Personal information
- Nationality: Czech
- Born: 29 August 2000 (age 26)

Sport
- Sport: Track and field
- Event: 400m hurdles

Achievements and titles
- Personal bests: 400 m hurdles: 54.59 (Rome, 2024)

Medal record
Women's athletics
Representing Czech Republic
European Indoor Championships
| Bronze medal – third place | 2025 Apeldoorn | 4x400 m relay |
European U23 Championships
| Gold medal – first place | 2021 Tallinn | 4×400 m relay |

= Nikoleta Jíchová =

Czech athlete (born 2000)

Nikoleta Jíchová (born 29 August 2000) is a Czech track and field athlete. She is a multiple national champion over 400m hurdles, and a European U23 Championships gold medalist.

==Career==
Jíchová is coached by double world champion Zuzana Hejnová. She is a member of TJ Dukla Prague. She raced over 100m hurdles before switching to the longer distance of 400m hurdles in 2020.

===2021===
In Zlín in June 2021, Jíchová won the senior 400m hurdles at the 2021 Czech Athletics Championships. In 2021 she was part of the Czech team that won gold at the 2021 European Athletics U23 Championships in the Women's 4 × 400 metres relay.

===2022===
The following year Jíchová retained the Czech national title over 400m hurdles, at the Czech Championships held in June 2022 in Hodonín. Jíchová ran a time of 55.93 to qualify win her heat and to qualify for the semi-finals of the 400m at the 2022 European Championships held in Munich, Germany.
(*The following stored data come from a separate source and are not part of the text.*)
(* Let $\Delta$ be a local derivation of $\mathcal{S}$ with $\Delta(L_0)=\Delta(L_1)=0$. Then $\Delta(L_m)=0$ for all $m\in\mathbb{Z}$.
   Context: $\mathcal{S}$ is the centerless super Virasoro algebra: the Lie superalgebra over $\mathbb{C}$ with basis $\{L_m,G_n: m,n\in\mathbb{Z}\}$, $L_m$ even, $G_n$ odd, and brackets $[L_m,L_n]=(m-n)L_{m+n}$, $[L_m,G_r]=(\frac m2-r)G_{m+r}$, $[G_r,G_s]=2L_{r+s}$. A homogeneous linear map $D$ of parity $|D|$ is a derivation if $D([x,y])=[D(x),y]+(-1)^{|D||x|}[x,D(y)]$ for homogeneous $x,y$; derivations are sums of even and odd ones. A linear map $\Delta:\mathcal{S}\to\mathcal{S}$ is a local derivation if for every $x$ there is a derivation $D_x$ with $\Delta(x)=D_x(x)$. *)

From HB Require Import structures.
From mathcomp Require Import all_boot all_order all_algebra.
From mathcomp Require Import boolp classical_sets functions cardinality fsbigop.
From mathcomp Require Import complex Rstruct.
Set Implicit Arguments. Unset Strict Implicit. Unset Printing Implicit Defensive.
Import Order.TTheory GRing.Theory Num.Theory.
Local Open Scope ring_scope.
Local Open Scope classical_set_scope.

Definition C : Type := (Rdefinitions.R)[i].

(* Ambient space: pairs (a, b) of coefficient families; a m is the coefficient
   of L_m (even part), b r the coefficient of G_r (odd part).  The centerless
   super Virasoro algebra S is the subspace of finitely supported pairs. *)
Definition V : Type := ((int -> C) * (int -> C))%type.

Definition vadd (x y : V) : V := (fun k => x.1 k + y.1 k, fun k => x.2 k + y.2 k).
Definition vscale (c : C) (x : V) : V := (fun k => c * x.1 k, fun k => c * x.2 k).
Definition vzero : V := (fun _ => 0, fun _ => 0).

Definition inS (x : V) : Prop := finite_set [set k | x.1 k != 0 \/ x.2 k != 0].

Definition Lb (m : int) : V := (fun k => if k == m then 1 else 0, fun _ => 0).
Definition Gb (r : int) : V := (fun _ => 0, fun k => if k == r then 1 else 0).

(* homogeneity: parity false = even, true = odd *)
Definition homog (p : bool) (x : V) : Prop :=
  if p then forall k, x.1 k = 0 else forall k, x.2 k = 0.

(* The super bracket, extended bilinearly from
   [L_m,L_n]=(m-n)L_{m+n}, [L_m,G_r]=(m/2-r)G_{m+r}, [G_r,L_m]=-(m/2-r)G_{m+r},
   [G_r,G_s]=2L_{r+s}. Sums are finitely supported on elements of S. *)
Definition bracket (x y : V) : V :=
  (fun k => \sum_(m \in [set: int]) ((m - (k - m))%:~R * x.1 m * y.1 (k - m))
            + \sum_(r \in [set: int]) (2 * x.2 r * y.2 (k - r)),
   fun k => \sum_(m \in [set: int]) ((m%:~R / 2 - (k - m)%:~R) * x.1 m * y.2 (k - m))
            - \sum_(r \in [set: int]) ((((k - r)%:~R / 2) - r%:~R) * x.2 r * y.1 (k - r))).

(* linear maps S -> S (given as maps on V, only their behaviour on S matters) *)
Definition linear_on_S (D : V -> V) : Prop :=
  [/\ forall x, inS x -> inS (D x),
      forall x y, inS x -> inS y -> D (vadd x y) = vadd (D x) (D y)
    & forall c x, inS x -> D (vscale c x) = vscale c (D x)].

Definition sgn (p q : bool) : C := if p && q then -1 else 1.

Definition homog_derivation (p : bool) (D : V -> V) : Prop :=
  [/\ linear_on_S D,
      forall q x, inS x -> homog q x -> homog (p (+) q) (D x)
    & forall q q' x y, inS x -> inS y -> homog q x -> homog q' y ->
        D (bracket x y) = vadd (bracket (D x) y) (vscale (sgn p q) (bracket x (D y)))].

Definition derivation (D : V -> V) : Prop :=
  exists D0 D1, [/\ homog_derivation false D0, homog_derivation true D1
    & forall x, inS x -> D x = vadd (D0 x) (D1 x)].

Definition local_derivation (Delta : V -> V) : Prop :=
  linear_on_S Delta /\
  forall x, inS x -> exists D, derivation D /\ Delta x = D x.

(* A derivation of S restricted to the L_n is a 1-cocycle of the Witt algebra
   with values in the density modules of weights 1 (even part) and 1/2 (odd
   part); these have trivial first cohomology, so every derivation agrees on
   the L_n with ad b for some b in S.  Fix r <> 0 and apply the local property
   at x = (m - 1) r^m L_0 - m r^(m-1) L_1 + L_m: as Delta kills L_0 and L_1,
   Delta(L_m) = Delta(x) = [b, x] for some b.  Reading the coefficients of an
   element as a Laurent polynomial, [b, L_n] becomes r^n (r B'(r) - t n B(r)),
   and the coefficients of x make the transform of [b, x] vanish at r.  So the
   Laurent polynomial of Delta(L_m) vanishes at every r <> 0, hence is zero. *)

From HB Require Import structures.
From mathcomp Require Import all_boot all_order all_algebra.
From mathcomp Require Import finmap boolp classical_sets functions cardinality fsbigop.
From mathcomp Require Import complex Rstruct zify ring.
Set Implicit Arguments. Unset Strict Implicit. Unset Printing Implicit Defensive.
Import Order.TTheory GRing.Theory Num.Theory.
Local Open Scope ring_scope.
Local Open Scope classical_set_scope.

Definition fsupp (I : choiceType) (R : zmodType) (f : I -> R) : Prop :=
  finite_set (f @^-1` [set~ 0]).

Section FiniteSupport.
Variables (I : choiceType) (R : zmodType).
Implicit Types f g : I -> R.

Lemma fsuppD f g : fsupp f -> fsupp g -> fsupp (fun i => f i + g i).
Proof.
move=> ff fg; apply: (@sub_finite_set _ _ (f @^-1` [set~ 0] `|` g @^-1` [set~ 0])).
  move=> i /= fgi; have [fi|/eqP] := eqVneq (f i) 0; last by left.
  by right => gi; apply: fgi; rewrite fi gi addr0.
by rewrite finite_setU.
Qed.

Lemma fsum_delta (F : I -> R) (a : I) :
  (forall i, i != a -> F i = 0) -> \sum_(i \in [set: I]) F i = F a.
Proof.
move=> Fa; rewrite -(fsbig_widen [set a] [set: I]) ?fsbig_set1 //.
by move=> i [_ /= /eqP ia]; exact: Fa.
Qed.

Lemma fsumD f g : fsupp f -> fsupp g ->
  \sum_(i \in [set: I]) (f i + g i) = \sum_(i \in [set: I]) f i + \sum_(i \in [set: I]) g i.
Proof.
move=> ff fg; set A := f @^-1` [set~ 0] `|` g @^-1` [set~ 0].
have Afin : finite_set A by rewrite finite_setU.
have widen (h : I -> R) :
    (forall i, ~ A i -> h i = 0) -> \sum_(i \in A) h i = \sum_(i \in [set: I]) h i.
  by move=> hA; apply: fsbig_widen => // i [_ /hA].
have outA i : ~ A i -> f i = 0 /\ g i = 0.
  by move=> /not_orP[/contrapT fi /contrapT gi].
by rewrite -!widen ?fsbig_split // => i /outA [fi gi]; rewrite ?fi ?gi ?addr0.
Qed.

End FiniteSupport.

Lemma fsuppMl (I : choiceType) (R : pzRingType) (c f : I -> R) :
  fsupp f -> fsupp (fun i => c i * f i).
Proof. by apply: sub_finite_set => i /= cfi fi; apply: cfi; rewrite fi mulr0. Qed.

Lemma fsupp_shift (R : zmodType) (f : int -> R) (n : int) :
  fsupp f -> fsupp (fun j => f (j - n)).
Proof.
move=> ff; rewrite /fsupp (_ : _ @^-1` _ = (+%R n) @` (f @^-1` [set~ 0])).
  exact: finite_image.
apply/seteqP; split => [j /= fj | _ [i /= fi <-]] /=; last by rewrite [n + i]addrC addrK.
by exists (j - n); rewrite // addrC subrK.
Qed.

Lemma poly_eq0_nonzero_roots (R : numDomainType) (P : {poly R}) :
  (forall r, r != 0 -> root P r) -> P = 0.
Proof.
move=> Proot; apply: (@roots_geq_poly_eq0 _ _ [seq i.+1%:R | i <- iota 0 (size P)]).
- by apply/allP => _ /mapP[i _ ->]; apply: Proot; rewrite pnatr_eq0.
- by rewrite map_inj_uniq ?iota_uniq // => a b /eqP; rewrite eqr_nat => /eqP[].
- by rewrite size_map size_iota.
Qed.

Section Laurent.
Variable R : numFieldType.
Implicit Types (f g : int -> R) (r : R).

Definition laurent f r : R := \sum_(j \in [set: int]) r ^ j * f j.

Lemma laurentD f g r : fsupp f -> fsupp g ->
  laurent (fun j => f j + g j) r = laurent f r + laurent g r.
Proof.
move=> ff fg; rewrite /laurent -fsumD; try exact: fsuppMl.
by apply: eq_fsbigr => j _; rewrite mulrDr.
Qed.

Lemma laurentZ (c : R) f r : laurent (fun j => c * f j) r = c * laurent f r.
Proof. by rewrite /laurent mulr_fsumr; apply: eq_fsbigr => j _; rewrite mulrCA. Qed.

Lemma laurent_fset f r : fsupp f ->
  laurent f r = \sum_(j <- fset_set (f @^-1` [set~ 0])) r ^ j * f j.
Proof.
move=> ff; rewrite /laurent -fsbig_finite //.
rewrite -(fsbig_widen (f @^-1` [set~ 0]) [set: int]) //.
by move=> j [_ /contrapT /= ->]; rewrite mulr0.
Qed.

Lemma laurent_eq0 f : fsupp f -> (forall r, r != 0 -> laurent f r = 0) ->
  forall j, f j = 0.
Proof.
move=> ff lf0 j; set s : seq int := fset_set (f @^-1` [set~ 0]).
have [js|] := boolP (j \in s); last by rewrite in_fset_set // notin_setE /= => /contrapT.
pose N := \max_(i <- s) `|i|%N.
have Ns i : i \in s -> 0 <= i + N%:Z.
  move=> si; suff : (`|i| <= N)%N by lia.
  exact: leq_bigmax_seq.
pose P := \sum_(i <- s) f i *: 'X^`|i + N|.
have P0 : P = 0.
  apply: poly_eq0_nonzero_roots => r r0; apply/eqP.
  rewrite horner_sum (eq_big_seq (fun i => r ^ i * f i * r ^+ N)).
    by rewrite -mulr_suml -laurent_fset // lf0 // mul0r.
  move=> i si; rewrite hornerZ hornerXn exprnP (gez0_abs (Ns i si)) expfzDr //.
  by rewrite -exprnP mulrCA mulrA.
have := congr1 (fun p : {poly R} => p`_`|j + N|) P0.
rewrite coef0 coef_sum (bigD1_seq j) ?fset_uniq //= coefZ coefXn eqxx mulr1.
rewrite big1_seq ?addr0 // => i /andP[ij si].
rewrite coefZ coefXn; case: eqP => [/eqP|]; last by rewrite mulr0.
by have := Ns i si; have := Ns j js; move: ij => /eqP; lia.
Qed.

(* The coefficients of [b, L_n] for b in the density module of weight t. *)
Definition Lact t b (n : int) : int -> R :=
  fun j => ((j - n)%:~R - t * n%:~R) * b (j - n).

Lemma fsupp_Lact t b n : fsupp b -> fsupp (Lact t b n).
Proof. by move=> fb; apply: fsuppMl; exact: fsupp_shift. Qed.

Lemma laurent_Lact t b n r : fsupp b -> r != 0 ->
  laurent (Lact t b n) r =
  r ^ n * (laurent (fun k => k%:~R * b k) r - t * n%:~R * laurent b r).
Proof.
move=> fb r0.
have -> : laurent (Lact t b n) r =
    laurent (fun k => r ^ n * (k%:~R * b k) + - (r ^ n * t * n%:~R) * b k) r.
  rewrite /laurent (reindex_fsbigT (fun k => k + n)); last first.
    by exists (fun k => k - n) => k; [rewrite addrK | rewrite subrK].
  by apply: eq_fsbigr => k _; rewrite /Lact addrK expfzDr //; ring.
rewrite laurentD ?laurentZ; first ring.
- by apply: fsuppMl; apply: fsuppMl.
- exact: fsuppMl.
Qed.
In the semi-finals Jíchova set a new personal best time of 55.48s without progressing to the final.

===2023===
Selected for the 2023 World Athletics Championships in Budapest in August 2023, she qualified for the semi-finals.

===2024===
On 10 June 2024, she ran a personal best 54.59 seconds to qualify for the final at the 2024 European Athletics Championships in Rome. In the final, she finished fourth overall in a time of 54.91 seconds. She competed in the 400 metres hurdles at the 2024 Summer Olympics in Paris in August 2024.

===2025===
In February 2025, she became the Czech indoor champion over 400 metres, winning in Ostrava with a time of 52.10 seconds ahead of Tereza Petržilková. She was selected for the 2025 European Athletics Indoor Championships in Appeldoorn. In the 400 metres, she ran a personal best and qualified for the semi-final but was later disqualified for a lane infringement. Alongside Lada Vondrová, Petržilková and Lurdes Gloria Manuel, she won a bronze medal in the women's 4 x 400 metres relay at the Championships.

==Personal life==
Jíchová has done modelling work, and featured on magazine covers in her homeland. She attributed this to an increase in her social media followers. In 2021 Jíchová announced she was in a relationship with fellow athlete Martin Růžička.